The essential result is that the reference distribution we get using our re-sampling technique is closer to the true reference distribution of the $\chi^2$ statistic than is the $\chi^2$ distribution when the sample size is small (simulation works just fine when the sample size is large as well, it’s just a waste of computation when the known large-sample distribution applies).

There are some other tricky details here, because there are multiple probability distributions over cell counts that are consistent with the verbal statement “rows and columns are independent.” For now we’ll just take the simulation script below as given.

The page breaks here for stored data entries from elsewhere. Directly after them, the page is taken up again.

Lemma expsinh_ratio_le_ctilde (z : C) : 0 < d < PI / 2 -> strip d z ->
  expsinh_ratio z <= ctilde_d d /\
  expsinh_ratio z * (1 + Cmod (psi z)) <= ctilde_d d * Cmod (psi z).
Proof.
intros Hd Hz; destruct PI_bounds as [Hpi _].
set (kappa := cos (PI / 2 * sin d)).
assert (Hs : 0 < sin d < 1) by (split; [apply sin_gt_0 | rewrite <- sin_PI2; apply sin_increasing_1]; lra).
assert (Hk : 0 < kappa) by (apply cos_gt_0; nra).
assert (Hcd : c_d d = 1 + / kappa) by (unfold c_d; fold kappa; unfold Rdiv; ring).
assert (Hik : 0 < / kappa) by (apply Rinv_0_lt_compat, Hk).
assert (Hq := expsinh_ratio_pos z Hz).
assert (Hqc : expsinh_ratio z <= c_d d).
{ assert (Hlb := Cmod_1_add_expsinh_ge d z Hd Hz); fold kappa in Hlb.
  assert (HP : 0 < Cmod (1 + expsinh z)%C) by (rewrite Cmod_1_add_expsinh_eq by exact Hz; apply exp_pos).
  assert (HW := Cmod_ge_0 (expsinh z)).
  rewrite Hcd; unfold expsinh_ratio.
  apply Rmult_le_reg_r with (Cmod (1 + expsinh z)%C); [exact HP|].
  replace (Cmod (expsinh z) / Cmod (1 + expsinh z)%C * Cmod (1 + expsinh z)%C)
    with (Cmod (expsinh z)) by (field; lra).
  apply Rmult_le_reg_l with kappa; [exact Hk|].
  replace (kappa * ((1 + / kappa) * Cmod (1 + expsinh z)%C))
    with ((1 + kappa) * Cmod (1 + expsinh z)%C) by (field; lra).
  generalize (COS_bound (PI / 2 * sin d)); fold kappa; nra. }
assert (Hqr : expsinh_ratio z <= exp (Cmod (psi z)) - 1).
{ rewrite expsinh_ratio_eq, <- (Cmod_opp (psi z)) by exact Hz; apply Cmod_1_sub_Cexp_le. }
assert (Hc : 0 < c_d d) by lra.
split.
- eapply Rle_trans; [exact Hqc | unfold ctilde_d; apply c_le_ctilde, Hc].
- unfold ctilde_d; apply mul_1_add_le_ctilde; [exact Hc | exact Hqc | apply Cmod_ge_0 | exact Hqr].
Qed.

Lemma expsinh_ratio_real (x : R) : 0 < d ->
  expsinh_ratio (RtoC x) <= exp (PI / 12) /\
  expsinh_ratio (RtoC x) * (1 + Cmod (psi (RtoC x))) <= exp (PI / 12) * Cmod (psi (RtoC x)).
Proof.
intros Hd; assert (Hz := strip_real d x Hd).
set (z0 := ln (1 + exp (PI * sinh x))).
assert (Hz0 : 0 < z0) by (unfold z0; rewrite <- ln_1; apply ln_increasing; generalize (exp_pos (PI * sinh x)); lra).
assert (Hpsi0 : psi (RtoC x) = RtoC z0) by apply (proj1 (proj2 Hpsi)).
assert (Hq : expsinh_ratio (RtoC x) = 1 - exp (- z0)).
{ rewrite expsinh_ratio_eq, Hpsi0, <- RtoC_opp, Cexp_real, <- RtoC_minus, Cmod_R by exact Hz.
  apply Rabs_pos_eq; rewrite <- exp_0 at 1; generalize (exp_increasing (- z0) 0); lra. }
rewrite Hq, Hpsi0, Cmod_R, Rabs_pos_eq by lra.
assert (HC := exp_PI_div_12_ge); assert (Hnum := mul_1_sub_exp_neg_le z0 Hz0).
generalize (exp_pos (- z0)); split; nra.
Qed.

Section Growth.

Variables (f : C -> C) (K beta alpha : R).
Hypotheses (hK : 0 < K) (halpha : 0 < alpha <= 1).
Hypothesis Hbound : forall z, image_strip d psi z ->
  Cmod (f z) <= K * Cmod (Cppow (z / (1 + z))%C (RtoC (alpha - 1)) * Cexp (- (RtoC beta * z))).

Lemma DE_transform_le (c : R) (z : C) : 0 < c -> strip d z ->
  expsinh_ratio z <= c -> expsinh_ratio z * (1 + Cmod (psi z)) <= c * Cmod (psi z) ->
  Cmod (f (psi z) * psi' z)%C <=
    PI / 2 * (2 * Rpower c (1 - alpha) * K) * Cmod (Ccosh z) /
    (Rpower (Cmod (1 + Cexp (- (RtoC PI * Csinh z)))) (2 * alpha / 2) *
     Rpower (Cmod (1 + Cexp (RtoC PI * Csinh z))) (2 * beta / 2)).
Proof.
intros Hc Hz Hqc Hmain.
assert (Hq := expsinh_ratio_pos z Hz).
assert (HP := Cmod_1_add_expsinh_eq z Hz).
rewrite Cmod_1_add_Cexp_opp, (DE_psi'_eq z Hz); fold (expsinh z).
replace (Cmod (1 + expsinh z)%C / Cmod (expsinh z)) with (/ expsinh_ratio z)
  by (unfold expsinh_ratio; rewrite HP; field; split;
      [apply Rgt_not_eq, Cmod_gt_0, Cexp_neq0 | apply Rgt_not_eq, exp_pos]).
replace (Cmod (f (psi z) * (RtoC PI * Ccosh z * expsinh z * Cexp (- psi z)))%C)
  with (Cmod (f (psi z)) * (PI * Cmod (Ccosh z) * expsinh_ratio z)).
2:{ unfold expsinh_ratio; rewrite HP, !Cmod_mult, Cmod_R, Cmod_Cexp, Rabs_pos_eq by
      (generalize PI_RGT_0; lra); rewrite Re_opp, exp_Ropp; unfold Rdiv; ring. }
replace (PI / 2 * (2 * Rpower c (1 - alpha) * K) * Cmod (Ccosh z))
  with (PI * Cmod (Ccosh z) / 2 * (2 * Rpower c (1 - alpha) * K)) by (unfold Rdiv; ring).
apply LDE_weight_bound with (rho := Cmod (psi z / (1 + psi z))%C); try assumption.
- rewrite Cmod_1_add_expsinh_eq by exact Hz; apply exp_pos.
- generalize PI_RGT_0 (Cmod_ge_0 (Ccosh z)); nra.
- apply Cmod_ge_0.
- rewrite Cmod_1_add_expsinh_eq, ln_exp by exact Hz.
  eapply Rle_trans; [apply Hbound; exists z; split; [exact Hz | reflexivity]|].
  rewrite Cmod_mult, Cmod_Cppow, Cmod_Cexp, Re_opp, re_mult, re_RtoC, im_RtoC; right; do 3 f_equal; ring.
- apply ln_le_ln_Cmod_div; [exact Hq | apply DE_psi_neq0, Hz | exact Hqc | exact Hmain].
Qed.

End Growth.

End DE_psi.

Theorem lemma11 (d : R) (hd : 0 < d < PI / 2)
  (psi psi' : C -> C) (Hpsi : is_DE_psi d psi psi')
  (f : C -> C) (K beta alpha : R)
  (hK : 0 < K) (hbeta : 0 < beta) (halpha : 0 < alpha <= 1)
  (Hf : analytic_on (image_strip d psi) f)
  (Hbound : forall z, image_strip d psi z ->
     Cmod (f z) <=
       K * Cmod (Cppow (z / (1 + z))%C (RtoC (alpha - 1)) *
                 Cexp (- (RtoC beta * z)))) :
  LDE (2 * Rpower (ctilde_d d) (1 - alpha) * K)
      (2 * Rpower (exp (PI / 12)) (1 - alpha) * K)
      (2 * alpha) (2 * beta) d
      (fun zeta => (f (psi zeta) * psi' zeta)%C).
Proof.
split; [exact (DE_transform_analytic d psi psi' Hpsi f Hf)|split].
- intros zeta Hz.
  destruct (expsinh_ratio_le_ctilde d psi psi' Hpsi zeta hd Hz) as [Hqc Hmain].
  apply (DE_transform_le d psi psi' Hpsi f K beta alpha); try assumption.
  eapply Rlt_le_trans; [apply (expsinh_ratio_pos d psi psi' Hpsi zeta Hz) | exact Hqc].
- intros x; rewrite <- LDE_weight_real.
  destruct (expsinh_ratio_real d psi psi' Hpsi x (proj1 hd)) as [Hqc Hmain].
  apply (DE_transform_le d psi psi' Hpsi f K beta alpha); try assumption.
  + apply exp_pos.
  + apply strip_real, hd.
Qed.
(* Suppose no ladder system guesses every [W] of size kappa J-positively, and fix for each
   ladder system [C] a set [W] refuting it. Since kappa^sigma = kappa, every function
   S -> kappa has cofinally many codes xi < kappa. Well-order S and define by recursion on
   y : S the ladder system C_y whose ladder at (delta, i) is
   { X_xi(y) : xi in B^i_delta, X_xi(y') in W_y' for all y' < y } (when this is a ladder),
   W_y being the set refuting C_y. A transfinite recursion yields a set V of size kappa of
   codes of points of the product of the W_y, each code lying above all values of the
   earlier codes. B guesses V at J-positively many delta. At such a limit delta, since
   |B^i_delta| < |S|, some y has X_xi(y) in W_y for every y-coherent xi in B^i_delta
   (otherwise a failing xi chosen for each y would inject S into B^i_delta). The separation
   of V makes the ladder of C_y at delta cofinal, so it lies inside W_y and delta belongs
   to the J-small set where W_y refutes C_y. By kappa-completeness these |S| < kappa sets,
   together with the bounded set of minimal points, cannot cover a J-positive set. *)

Lemma proj1_sig_injective {A : Type} (P : A -> Prop) : injective (@proj1_sig A P).
Proof. intros [a Ha] [b Hb]; simpl; intros <-; f_equal; apply proof_irrelevance. Qed.

Lemma Fix_unfold {A T : Type} {R : A -> A -> Prop} (Rwf : well_founded R)
    (F : forall x, (forall y, R y x -> T) -> T) (x : A) :
  Fix Rwf (fun _ => T) F x = F x (fun y _ => Fix Rwf (fun _ => T) F y).
Proof.
  apply (Fix_eq Rwf (fun _ => T) F); intros x' f g Hfg.
  replace g with f; [reflexivity|].
  apply functional_extensionality_dep; intros y.
  apply functional_extensionality_dep; intros H; apply Hfg.
Qed.

Lemma Jpos_mono {K : Type} {lt : K -> K -> Prop} {J : (K -> Prop) -> Prop} {A A' : K -> Prop} :
  is_ideal lt J -> Jpos J A -> (forall x, A x -> A' x) -> Jpos J A'.
Proof. intros [_ [_ [_ [Hsub _]]]] HA HAA' HJ; exact (HA (Hsub _ _ HJ HAA')). Qed.

Lemma two_points_of_uncountable {K : Type} : uncountable K -> exists k0 k1 : K, k0 <> k1.
Proof.
  intros Hunc; apply NNPP; intros Hno; apply Hunc.
  exists (fun _ => 0); intros x y _.
  apply NNPP; intros Hxy; apply Hno; exists x, y; exact Hxy.
Qed.

Lemma two_points_of_inj_nat {S : Type} : inj_le nat S -> exists s0 s1 : S, s0 <> s1.
Proof. intros [f Hf]; exists (f 0), (f 1); intros E; apply Hf in E; discriminate. Qed.

Lemma inj_le_of_inj_le_exp {A B : Type} {b0 b1 : B} :
  b0 <> b1 -> inj_le (A -> B) B -> inj_le A B.
Proof.
  intros Hb [g Hg].
  exists (fun a => g (fun t => if excluded_middle_informative (t = a) then b1 else b0)).
  intros a a' E; apply Hg, (f_equal (fun u => u a)) in E.
  destruct (excluded_middle_informative (a = a)) as [_|Hn]; [|contradiction].
  destruct (excluded_middle_informative (a = a')) as [Ea|_]; [exact Ea|].
  exfalso; apply Hb; symmetry; exact E.
Qed.

(* The value at [a0] records the first component, the value at [a1] the code of the second. *)
Lemma inj_le_prod_exp {A B : Type} {a0 a1 : A} :
  a0 <> a1 -> inj_le (A -> B) B -> inj_le (B * (A -> B)) B.
Proof.
  intros Ha [g Hg].
  exists (fun p => g (fun t => if excluded_middle_informative (t = a0) then fst p else g (snd p))).
  intros [b s] [b' s'] E; apply Hg in E; simpl in E.
  pose proof (f_equal (fun u => u a0) E) as E0; pose proof (f_equal (fun u => u a1) E) as E1.
  simpl in E0, E1.
  destruct (excluded_middle_informative (a0 = a0)) as [_|Hn]; [|contradiction].
  destruct (excluded_middle_informative (a1 = a0)) as [Hn|_]; [congruence|].
  apply Hg in E1; subst; reflexivity.
Qed.

Lemma small_set_good_index {S T : Type} (slt : S -> S -> Prop) (good : S -> T -> Prop)
    (Bset : T -> Prop) :
  (forall a b, slt a b \/ a = b \/ slt b a) -> card_lt (sub Bset) S ->
  exists y, forall xi, Bset xi -> (forall y', slt y' y -> good y' xi) -> good y xi.
Proof.
  intros Htot HB; apply NNPP; intros Hno.
  assert (Hbad : forall y, exists xi,
             Bset xi /\ (forall y', slt y' y -> good y' xi) /\ ~ good y xi).
  { intros y; apply NNPP; intros Hn; apply Hno; exists y; intros xi Hxi Hcoh.
    apply NNPP; intros Hg; apply Hn; exists xi; auto. }
  destruct (choice _ Hbad) as [bad Hb].
  (* a failure at [y] is coherent below [y], so failures at distinct indices differ *)
  apply HB; exists (fun y => exist Bset (bad y) (proj1 (Hb y))).
  intros a b E; apply (f_equal (@proj1_sig _ _)) in E; simpl in E.
  destruct (Htot a b) as [H|[H|H]]; [exfalso|exact H|exfalso].
  - apply (proj2 (proj2 (Hb a))); rewrite E; apply (proj1 (proj2 (Hb b))), H.
  - apply (proj2 (proj2 (Hb b))); rewrite <- E; apply (proj1 (proj2 (Hb a))), H.
Qed.

Definition ladder {K : Type} (lt : K -> K -> Prop) (d : K) (A : K -> Prop) : Prop :=
  (forall x, A x -> lt x d) /\ sup_eq lt A d.

Definition cofinal_in {K : Type} (lt : K -> K -> Prop) (d : K) (A : K -> Prop) : Prop :=
  forall g, lt g d -> exists x, A x /\ lt g x.

(* Replacing a non-ladder by all of [d] yields a ladder at every limit [d] and changes
   nothing where [A] already is a ladder. *)
Definition ladder_or_below {K : Type} (lt : K -> K -> Prop) (d : K) (A : K -> Prop) : K -> Prop :=
  fun x => (ladder lt d A /\ A x) \/ (~ ladder lt d A /\ lt x d).

Lemma cofinal_acc {K : Type} {lt : K -> K -> Prop} (d : K) (A : K -> Prop) :
  (forall x, A x -> lt x d) -> cofinal_in lt d A -> (exists g, lt g d) -> acc lt d.
Proof.
  intros Hbelow Hcof Hne; split; [exact Hne|].
  intros g Hg; destruct (Hcof g Hg) as [x [Hx Hgx]].
  exists x; split; [exact Hgx|apply Hbelow, Hx].
Qed.

Lemma ladder_or_below_sub {K : Type} {lt : K -> K -> Prop} (d : K) (A : K -> Prop) x :
  ladder lt d A -> ladder_or_below lt d A x -> A x.
Proof. intros HA [[_ Hx]|[Hn _]]; [exact Hx|contradiction]. Qed.

Section WellOrder.
Context {K : Type} {lt : K -> K -> Prop}.
Hypothesis Hwo : is_well_order lt.

Lemma lt_asym {x y} : lt x y -> ~ lt y x.
Proof. intros Hxy Hyx; exact (wo_irrefl Hwo x (wo_trans Hwo _ _ _ Hxy Hyx)). Qed.

Lemma not_lt_le {x y} : ~ lt x y -> le lt y x.
Proof. intros Hn; destruct (wo_total Hwo x y) as [H|[->|H]]; [contradiction|right|left]; auto. Qed.

Lemma lt_le_trans {x y z} : lt x y -> le lt y z -> lt x z.
Proof. intros Hxy [Hyz| <-]; [exact (wo_trans Hwo _ _ _ Hxy Hyz)|exact Hxy]. Qed.

Lemma sup_eq_cofinal {d A} : sup_eq lt A d -> cofinal_in lt d A.
Proof.
  intros [_ Hleast] g Hg; apply NNPP; intros Hno.
  assert (Hbound : forall x, A x -> le lt x g).
  { intros x Hx; apply not_lt_le; intros Hgx; apply Hno; exists x; auto. }
  destruct (Hleast g Hbound) as [Hdg| ->]; [exact (lt_asym Hg Hdg)|exact (wo_irrefl Hwo _ Hg)].
Qed.

Lemma ladder_of_cofinal d A : (forall x, A x -> lt x d) -> cofinal_in lt d A -> ladder lt d A.
Proof.
  intros Hbelow Hcof; split; [exact Hbelow|split].
  - intros x Hx; left; apply Hbelow, Hx.
  - intros g Hg; apply not_lt_le; intros Hgd.
    destruct (Hcof g Hgd) as [x [Hx Hgx]].
    destruct (Hg x Hx) as [Hxg| ->]; [exact (lt_asym Hgx Hxg)|exact (wo_irrefl Hwo _ Hgx)].
Qed.

Lemma ladder_ladder_or_below d A : acc lt d -> ladder lt d (ladder_or_below lt d A).
Proof.
  intros [_ Hlim]; destruct (classic (ladder lt d A)) as [HA|HA]; apply ladder_of_cofinal.
  - intros x [[_ Hx]|[Hn _]]; [apply (proj1 HA), Hx|contradiction].
  - intros g Hg; destruct (sup_eq_cofinal (proj2 HA) g Hg) as [x [Hx Hgx]].
    exists x; split; [left|]; auto.
  - intros x [[Hl _]|[_ Hx]]; [contradiction|exact Hx].
  - intros g Hg; destruct (Hlim g Hg) as [x [Hgx Hxd]].
    exists x; split; [right|]; auto.
Qed.

Lemma minimal_bounded :
  (exists k0 k1 : K, k0 <> k1) -> bounded lt (fun d => forall g, ~ lt g d).
Proof.
  intros [k0 [k1 Hk]].
  assert (Hmb : exists m b, lt m b).
  { destruct (wo_total Hwo k0 k1) as [H|[H|H]]; [eauto|contradiction|eauto]. }
  destruct Hmb as [m [b Hmb]]; exists b; intros d Hd.
  destruct (wo_total Hwo d m) as [H|[->|H]].
  - exact (wo_trans Hwo _ _ _ H Hmb).
  - exact Hmb.
  - contradiction (Hd m H).
Qed.

Lemma well_order_inverse_image {A : Type} (f : A -> K) :
  injective f -> is_well_order (fun a b => lt (f a) (f b)).
Proof.
  intros Hf; split.
  - intros a; apply (wo_irrefl Hwo).
  - intros a b c; apply (wo_trans Hwo).
  - intros a b; destruct (wo_total Hwo (f a) (f b)) as [H|[H|H]]; auto.
  - apply wf_inverse_image, (wo_wf Hwo).
Qed.

Lemma increasing_reflects_lt (h : K -> K) :
  (forall a a', lt a' a -> lt (h a') (h a)) -> forall a b, lt (h a) (h b) -> lt a b.
Proof.
  intros Hinc a b Hab; destruct (wo_total Hwo a b) as [H|[->|H]]; [exact H| |].
  - contradiction (wo_irrefl Hwo _ Hab).
  - contradiction (lt_asym Hab (Hinc _ _ H)).
Qed.

Lemma increasing_injective (h : K -> K) :
  (forall a a', lt a' a -> lt (h a') (h a)) -> injective h.
Proof.
  intros Hinc a b E; destruct (wo_total Hwo a b) as [H|[H|H]]; [|exact H|];
    apply Hinc in H; rewrite E in H; contradiction (wo_irrefl Hwo _ H).
Qed.

End WellOrder.

Section RegularCardinal.
Context {K : Type} {lt : K -> K -> Prop}.
Hypothesis Hcard : is_cardinal_order lt.
Hypothesis Hreg : regular lt.

Lemma size_kappa_unbounded (W : K -> Prop) :
  size_kappa W -> forall b, exists w, W w /\ ~ lt w b.
Proof.
  intros [f Hf] b; apply NNPP; intros Hno.
  assert (Hbelow : forall w, W w -> lt w b).
  { intros w Hw; apply NNPP; intros Hn; apply Hno; exists w; auto. }
  apply (proj2 Hcard b).
  exists (fun k => exist (fun y => lt y b) (proj1_sig (f k)) (Hbelow _ (proj2_sig (f k)))).
  intros x y E; apply Hf, proj1_sig_injective.
  exact (f_equal (@proj1_sig _ _) E).
Qed.

Lemma regular_bounded_image (A : Type) (phi : A -> K) :
  card_lt A K -> exists b, forall a, lt (phi a) b.
Proof.
  intros HA; apply NNPP; intros Hno.
  assert (Hunb : ~ bounded lt (fun x => exists a, x = phi a)).
  { intros [b Hb]; apply Hno; exists b; intros a; apply Hb; exists a; reflexivity. }
  destruct (Hreg _ Hunb) as [f Hf]; apply HA.
  destruct (choice (fun k a => proj1_sig (f k) = phi a)) as [pre Hpre].
  { intros k; destruct (proj2_sig (f k)) as [a Ha]; exists a; exact Ha. }
  exists pre; intros x y E; apply Hf, proj1_sig_injective.
  rewrite Hpre, Hpre, E; reflexivity.
Qed.

Lemma regular_recursion (P : K -> K -> Prop) :
  (forall beta, exists xi, P beta xi) ->
  exists h : K -> K,
    forall a, exists beta, (forall a', lt a' a -> lt (h a') beta) /\ P beta (h a).
Proof.
  intros HP; destruct (choice P HP) as [next Hnext].
  set (F := fun a (rec : forall a', lt a' a -> K) =>
         next (epsilon (inhabits a) (fun b => forall a' (H : lt a' a), lt (rec a' H) b))).
  set (h := Fix (wo_wf (proj1 Hcard)) (fun _ => K) F).
  exists h; intros a.
  unfold h; rewrite Fix_unfold; fold h; unfold F at 1.
  eexists; split; [|apply Hnext].
  apply (epsilon_spec (inhabits a) (fun b => forall a' (H : lt a' a), lt (h a') b)).
  destruct (regular_bounded_image _ (fun z : sub (fun y => lt y a) => h (proj1_sig z))
              (proj2 Hcard a)) as [b Hb].
  exists b; intros a' H; exact (Hb (exist _ a' H)).
Qed.

Lemma unbounded_decoding {A : Type} :
  inhabited A -> inj_le (K * A) K ->
  exists X : K -> A, forall a rho, exists xi, ~ lt xi rho /\ X xi = a.
Proof.
  intros inhA [c Hc].
  exists (fun xi => epsilon inhA (fun a => exists k, c (k, a) = xi)); intros a rho.
  assert (Hfiber : size_kappa (fun xi => exists k, xi = c (k, a))).
  { exists (fun k => exist _ (c (k, a)) (ex_intro _ k eq_refl)).
    intros k k' E; apply (f_equal (@proj1_sig _ _)), Hc in E; congruence. }
  destruct (size_kappa_unbounded _ Hfiber rho) as [xi [[k ->] Hxi]].
  exists (c (k, a)); split; [exact Hxi|].
  destruct (epsilon_spec inhA (fun a' => exists k', c (k', a') = c (k, a))) as [k' E];
    [exists a, k; reflexivity|].
  apply Hc in E; congruence.
Qed.

End RegularCardinal.

Definition ladder_system {K Ix : Type} (lt : K -> K -> Prop) (valid : K -> Ix -> Prop)
    (C : K -> Ix -> K -> Prop) : Prop :=
  forall d i, acc lt d -> valid d i -> ladder lt d (C d i).

Definition guessed_by {K Ix : Type} (lt : K -> K -> Prop) (valid : K -> Ix -> Prop)
    (C : K -> Ix -> K -> Prop) (W : K -> Prop) : K -> Prop :=
  fun d => acc lt d /\ exists i, valid d i /\ forall x, C d i x -> W x.
(* Let $p\geq 2$ and let $a,b$ be positive integers. (i) Suppose $\mathcal{S}$ is a $p$-qubit UPB and $i\in\{1,\dots,p\}$ is a qubit on which only one orthonormal basis $\{|u\rangle,|u^\perp\rangle\}$ of $\mathbb{C}^2$ is used, i.e. the $i$-th tensor factor of every element of $\mathcal{S}$ is a scalar multiple of $|u\rangle$ or of $|u^\perp\rangle$, with exactly $a$ elements of the first kind and $b$ of the second (so the orthogonality graph of qubit $i$ is the complete bipartite graph $K_{a,b}$). Then the set obtained from the $a$ elements of the first kind by deleting their $i$-th tensor factor is a $(p-1)$-qubit UPB of size $a$, and likewise the $b$ elements of the second kind give a $(p-1)$-qubit UPB of size $b$. (ii) Conversely, if there exist $(p-1)$-qubit UPBs of sizes $a$ and $b$, then there exists a $p$-qubit UPB of size $a+b$ in which only one orthonormal basis of $\mathbb{C}^2$ is used on some qubit, with $a$ states having one basis vector and $b$ states having the other on that qubit.
   Context: A product state in $(\mathbb{C}^2)^{\otimes p}$ is a vector $|v_1\rangle\otimes\cdots\otimes|v_p\rangle$ with each $|v_j\rangle\in\mathbb{C}^2$. A $p$-qubit unextendible product basis (UPB) is a finite set $\mathcal{S}\subseteq(\mathbb{C}^2)^{\otimes p}$ of unit product vectors that are pairwise orthogonal, such that no nonzero product vector outside $\mathcal{S}$ is orthogonal to every element of $\mathcal{S}$. The orthogonality graph of qubit $\ell$ for a set of product states is the graph whose vertices are the states, with an edge between two states iff their $\ell$-th tensor factors are orthogonal. *)

From HB Require Import structures.
From mathcomp Require Import all_boot all_order all_algebra.
Set Implicit Arguments. Unset Strict Implicit. Unset Printing Implicit Defensive.
Import Order.TTheory GRing.Theory Num.Theory.
Local Open Scope ring_scope.

Section QubitDefs.
Variable C : numClosedFieldType.

Definition qubit := 'I_2 -> C.

Definition dot2 (u v : qubit) : C := \sum_(k < 2) (u k)^* * v k.

Definition onb2 (u w : qubit) : Prop :=
  dot2 u u = 1 /\ dot2 w w = 1 /\ dot2 u w = 0.

(* Computational basis labels of (C^2)^{\otimes p}. *)
Definition cbasis (p : nat) := {ffun 'I_p -> 'I_2}.

(* A vector of (C^2)^{\otimes p}, given by its coordinates in the
   computational basis. *)
Definition state (p : nat) := {ffun cbasis p -> C}.

Definition dotS p (v w : state p) : C := \sum_(x : cbasis p) (v x)^* * w x.

Definition tensor p (f : 'I_p -> qubit) : state p :=
  [ffun x : cbasis p => \prod_(j < p) f j (x j)].

Definition has_factors p (v : state p) (f : 'I_p -> qubit) : Prop :=
  v = tensor f.

Definition is_product p (v : state p) : Prop := exists f, has_factors v f.

Definition nonzero p (v : state p) : Prop := exists x, v x != 0.

(* Unextendible product basis (the finite set S is given as a
   duplicate-free sequence). *)
Definition UPB p (S : seq (state p)) : Prop :=
  [/\ uniq S,
      (forall v, v \in S -> is_product v /\ dotS v v = 1),
      (forall v w, v \in S -> w \in S -> v != w -> dotS v w = 0) &
      (forall w, is_product w -> nonzero w -> w \notin S ->
         ~ (forall v, v \in S -> dotS v w = 0))].

Definition factor_along p (i : 'I_p) (u : qubit) (v : state p) : Prop :=
  exists f, has_factors v f /\ exists c : C, forall k, f i k = c * u k.

Definition ins p (i : 'I_p) (k : 'I_2) (y : cbasis p.-1) : cbasis p :=
  [ffun j => match unlift i j with Some j' => y j' | None => k end].

(* Contraction of qubit i of v with the unit vector u, i.e. <u|_i v.
   For v = (..) (x) u (x) (..) with u at position i, this is exactly the
   vector obtained by deleting the i-th tensor factor. *)
Definition contract p (i : 'I_p) (u : qubit) (v : state p) : state p.-1 :=
  [ffun y : cbasis p.-1 => \sum_(k < 2) (u k)^* * v (ins i k y)].

End QubitDefs.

If you’re interested in some of these details, please see the optional “Sampling Models” section below.

Once the re-sampling script computes a lot of chi-squared statistics (stored in resamp$stats) for tables drawn under the hypothesis of independence, we see where we stand by plotting the distribution of those re-sampled chi-squared statistics, and comparing it to the theoretical Chi-squared distribution on a plot.

Running this R chunk just creates the function we need for re-sampling.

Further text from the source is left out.